◆ **Prompt**:
Quote exactly the lines from the start of the entries to the one with "have Ml : u", both ends included.
.....
Lemma ufname_join a b : {ae lam, forall w, u (a `|` b)%O w <-> u a w \/ u b w}.
Proof.
near=> w.
have Cab : u (~` a `&` ~` b)%O w <-> ~ u (a `|` b)%O w.
  by near: w; rewrite -complU; exact: ufname_compl.
have Mab : u (~` a `&` ~` b)%O w <-> u (~` a)%O w /\ u (~` b)%O w.
  by near: w; exact: ufname_meet.
have Ca : u (~` a)%O w <-> ~ u a w by near: w; exact: ufname_compl.
have Cb : u (~` b)%O w <-> ~ u b w by near: w; exact: ufname_compl.
by case: (pselect (u (a `|` b)%O w)); case: (pselect (u a w)); case: (pselect (u b w)); tauto.
Unshelve. all: by end_near.
Qed.

Lemma ufname_bxor a b : {ae lam, forall w, u (bxor a b) w <-> ~ (u a w <-> u b w)}.
Proof.
near=> w.
have J : u (bxor a b) w <-> u (a `&` ~` b)%O w \/ u (~` a `&` b)%O w.
  by near: w; exact: ufname_join.
have Ml : u (a `&` ~` b)%O w <-> u a w /\ u (~` b)%O w by near: w; exact: ufname_meet.
have Mr : u (~` a `&` b)%O w <-> u (~` a)%O w /\ u b w by near: w; exact: ufname_meet.
have Ca : u (~` a)%O w <-> ~ u a w by near: w; exact: ufname_compl.
have Cb : u (~` b)%O w <-> ~ u b w by near: w; exact: ufname_compl.
by case: (pselect (u a w)); case: (pselect (u b w)); tauto.
Unshelve. all: by end_near.
Qed.

End UltrafilterName.

Section TwoUltrafilterNames.
Context {R : realType} {K : Type} {lam : {measure set (cantor_cube K) -> \bar R}}.
Context {d : Order.disp_t} {A : ctbDistrLatticeType d} {u v : A -> set (cantor_cube K)}.
Hypotheses (hu : ultrafilter_name lam u) (hv : ultrafilter_name lam v).

Lemma measurable_symdiff_names a : measurable (symdiff (u a) (v a)).
Proof. by case: hu hv => [mu _] [mv _]; apply: measurableU; apply: measurableD. Qed.

Lemma symdiff_names_bxor a b : {ae lam, forall w,
  symdiff (symdiff (u a) (v a)) (symdiff (u b) (v b)) w ->
  symdiff (u (bxor a b)) (v (bxor a b)) w}.
Proof.
near=> w.
have Xu : u (bxor a b) w <-> ~ (u a w <-> u b w) by near: w; exact: ufname_bxor.
have Xv : v (bxor a b) w <-> ~ (v a w <-> v b w) by near: w; exact: ufname_bxor.
rewrite /symdiff /setD /setU /=.
by case: (pselect (u a w)); case: (pselect (u b w));
  case: (pselect (v a w)); case: (pselect (v b w)); tauto.
Unshelve. all: by end_near.
Qed.

End TwoUltrafilterNames.

Lemma std_product_measureT {R : realType} {K : Type}
    {lam : {measure set (cantor_cube K) -> \bar R}} :
  std_product_measure lam -> lam setT = 1%E.
Proof.
move=> /(_ [::] (fun=> true) (List.NoDup_nil _)); rewrite expr0 => <-.
by congr (lam _); apply/seteqP; split => // f _ i [].
Qed.

Theorem theorem7p6 (R : realType) (K : Type) (hK : infinite_set [set: K])
  (lam : {measure set (cantor_cube K) -> \bar R}) (hlam : std_product_measure lam)
  (d : Order.disp_t) (A : ctbDistrLatticeType d) (hA : atomless A)
  (u v : A -> set (cantor_cube K))
  (hu : ultrafilter_name lam u) (hv : ultrafilter_name lam v)
  (huv : forces_neq lam u v) :
  forall eps : R, 0 < eps ->
    exists (p : set (cantor_cube K)) (C : A),
      [/\ measurable p, ((4 ^-1 - eps)%:E < lam p)%E
        & mle lam p (symdiff (u C) (v C))].
Proof.
move=> eps eps_gt0.
have lamT := std_product_measureT hlam.
have lam_fin : (lam setT < +oo)%E by rewrite lamT ltry.
pose D a := symdiff (u a) (v a).
have mD a : measurable (D a) := measurable_symdiff_names hu hv a.
have [[C lamC]|small] := pselect (exists C, ((4^-1 - eps)%:E < lam (D C))%E).
  by exists (D C), C; split => //; rewrite /mle setDv measure0.
have unions_le s : fmeasure lam (\big[setU/set0]_(a <- s) D a) <= 2 * (4^-1 - eps).
  have [c] := fmeasure_bigsetU_le_twice lam_fin \top%O mD
    (symdiff_names_bxor hu hv) s _ measurableT.
  rewrite !setIT => /le_trans; apply; rewrite ler_pM2l // -lee_fin -fmeasureE //.
  by rewrite leNgt; apply/negP => ?; apply: small; exists c.
have [E [mE E_le null]] := ae_cover_of_bounded_finite_unions lam_fin mD unions_le.
have lamCE : lam (~` E) = 0%E by apply: huv => // b; rewrite setIC -setDE; exact: null.
have := fmeasureC lam_fin mE; rewrite /fmeasure lamCE lamT /= -/(fmeasure lam E).
lra.
Qed.
Lemma size_edges_by_tail :
  size (E N) = 1 + 2 * nodes_count (is_tree N) + nodes_count (is_ret N).
Proof.
rewrite -sum1_size (sum_edges_tail (fun _ => 1)).
rewrite (eq_big_nat _ _ (F2 := fun w => (rt N == w) * 1 + 2 * is_tree N w + is_ret N w)).
  rewrite big_split [X in X + _ = _]big_split (sum_nat_pick (fun _ => 1) rt_bound).
  by rewrite -!sum_nodes big_distrr.
by move=> w /andP [_ wN]; rewrite !muln1 outdeg_kinds.
Qed.

Lemma count_treeleaf_heads :
  count (fun e => is_treeleaf N e.2) (E N) = nodes_count (is_leaf N) + nodes_count (is_tree N).
Proof.
rewrite -sum_nat_of_bool (sum_edges_head (is_treeleaf N)) -!sum_nodes -big_split.
apply: eq_big_nat => w /andP [_ wN]; rewrite indeg_kinds // /is_treeleaf.
by move: (node_kinds_disjoint N w); case: (is_leaf N w); case: (is_tree N w); case: (is_ret N w).
Qed.

Lemma count_ret_tails : count (fun e => is_ret N e.1) (E N) = nodes_count (is_ret N).
Proof.
rewrite -sum_nat_of_bool (sum_edges_tail (is_ret N)) -sum_nodes.
apply: eq_big_nat => w /andP [_ wN]; rewrite outdeg_kinds //.
case rw: (is_ret N w); last by rewrite muln0.
have -> : (rt N == w) = false by apply: contraTF rw => /eqP <-; rewrite /is_ret indeg_rt.
by move: (node_kinds_disjoint N w); rewrite rw; case: (is_leaf N w); case: (is_tree N w).
Qed.
Definition nbhd_in (S : {set Q}) (p : Q) : {set Q} := [set q in S | R p q].

Lemma card_adjacent_pairs_del (P : {set Q}) (p : Q) :
  (#|adjacent_pairs P| <= #|adjacent_pairs (P :\ p)| + 2 * #|nbhd_in P p|)%N.
Proof.
have cover : adjacent_pairs P \subset
    (adjacent_pairs (P :\ p) :|: [set (p, q) | q in nbhd_in P p])
      :|: [set (q, p) | q in nbhd_in P p].
  apply/subsetP => -[x y]; rewrite !inE /=.
  have [-> /andP [/andP [_ yP] Rpy]|xp] := eqVneq x p.
    by rewrite (imset_f (pair p)) ?orbT // inE yP Rpy.
  have [-> /andP [/andP [xP _] Rxp]|yp /andP [/andP [xP yP] Rxy]] := eqVneq y p.
    by rewrite (imset_f (fun q => (q, p))) ?orbT // inE xP R_sym Rxp.
  by rewrite xP yP Rxy.
apply: leq_trans (subset_leq_card cover) _.
rewrite mul2n -addnn addnA.
apply: leq_trans (leq_card_setU _ _).1 _; apply: leq_add; last exact: leq_imset_card.
by apply: leq_trans (leq_card_setU _ _).1 _; apply: leq_add; last exact: leq_imset_card.
Qed.

(* Degeneracy: either some nonempty S inside P has minimum R-degree > D
   within S, or P spans at most 2 D |P| ordered adjacent pairs (peel off
   vertices of degree <= D one at a time). *)
Lemma degeneracy (P : {set Q}) :
  (exists2 S : {set Q}, S \subset P &
     S != set0 /\ forall p, p \in S -> D < #|nbhd_in S p|%:R)
  \/ #|adjacent_pairs P|%:R <= 2 * D * #|P|%:R.
Proof.
have [n] := ubnP #|P|; elim: n P => // n IH P /ltnSE le_Pn.
have [->|[p0 p0P]] := set_0Vmem P.
  right; have -> : adjacent_pairs set0 = set0 by apply/setP => pq; rewrite !inE.
  by rewrite !cards0 mulr0.
have [/existsP [p /andP [pP low]] | all_high] :=
  boolP [exists p in P, #|nbhd_in P p|%:R <= D].
  have lt_Pp_n : (#|P :\ p| < n)%N by rewrite (cardsD1 p P) pP in le_Pn.
  case: (IH _ lt_Pp_n) => [[S sS hS] | few].
    by left; exists S => //; apply: subset_trans sS (subsetDl _ _).
  right; have := card_adjacent_pairs_del P p.
  rewrite -(ler_nat RR) natrD natrM (cardsD1 p P) pP add1n -addn1 natrD => del.
  by apply: le_trans del _; lra.
left; exists P => //; split; first by apply/set0Pn; exists p0.
by move=> p pP; move/existsPn: all_high => /(_ p); rewrite pP ltNge.
Qed.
.....
◆ **Result for this task**:
Lemma ufname_join a b : {ae lam, forall w, u (a `|` b)%O w <-> u a w \/ u b w}.
Proof.
near=> w.
have Cab : u (~` a `&` ~` b)%O w <-> ~ u (a `|` b)%O w.
  by near: w; rewrite -complU; exact: ufname_compl.
have Mab : u (~` a `&` ~` b)%O w <-> u (~` a)%O w /\ u (~` b)%O w.
  by near: w; exact: ufname_meet.
have Ca : u (~` a)%O w <-> ~ u a w by near: w; exact: ufname_compl.
have Cb : u (~` b)%O w <-> ~ u b w by near: w; exact: ufname_compl.
by case: (pselect (u (a `|` b)%O w)); case: (pselect (u a w)); case: (pselect (u b w)); tauto.
Unshelve. all: by end_near.
Qed.

Lemma ufname_bxor a b : {ae lam, forall w, u (bxor a b) w <-> ~ (u a w <-> u b w)}.
Proof.
near=> w.
have J : u (bxor a b) w <-> u (a `&` ~` b)%O w \/ u (~` a `&` b)%O w.
  by near: w; exact: ufname_join.
have Ml : u (a `&` ~` b)%O w <-> u a w /\ u (~` b)%O w by near: w; exact: ufname_meet.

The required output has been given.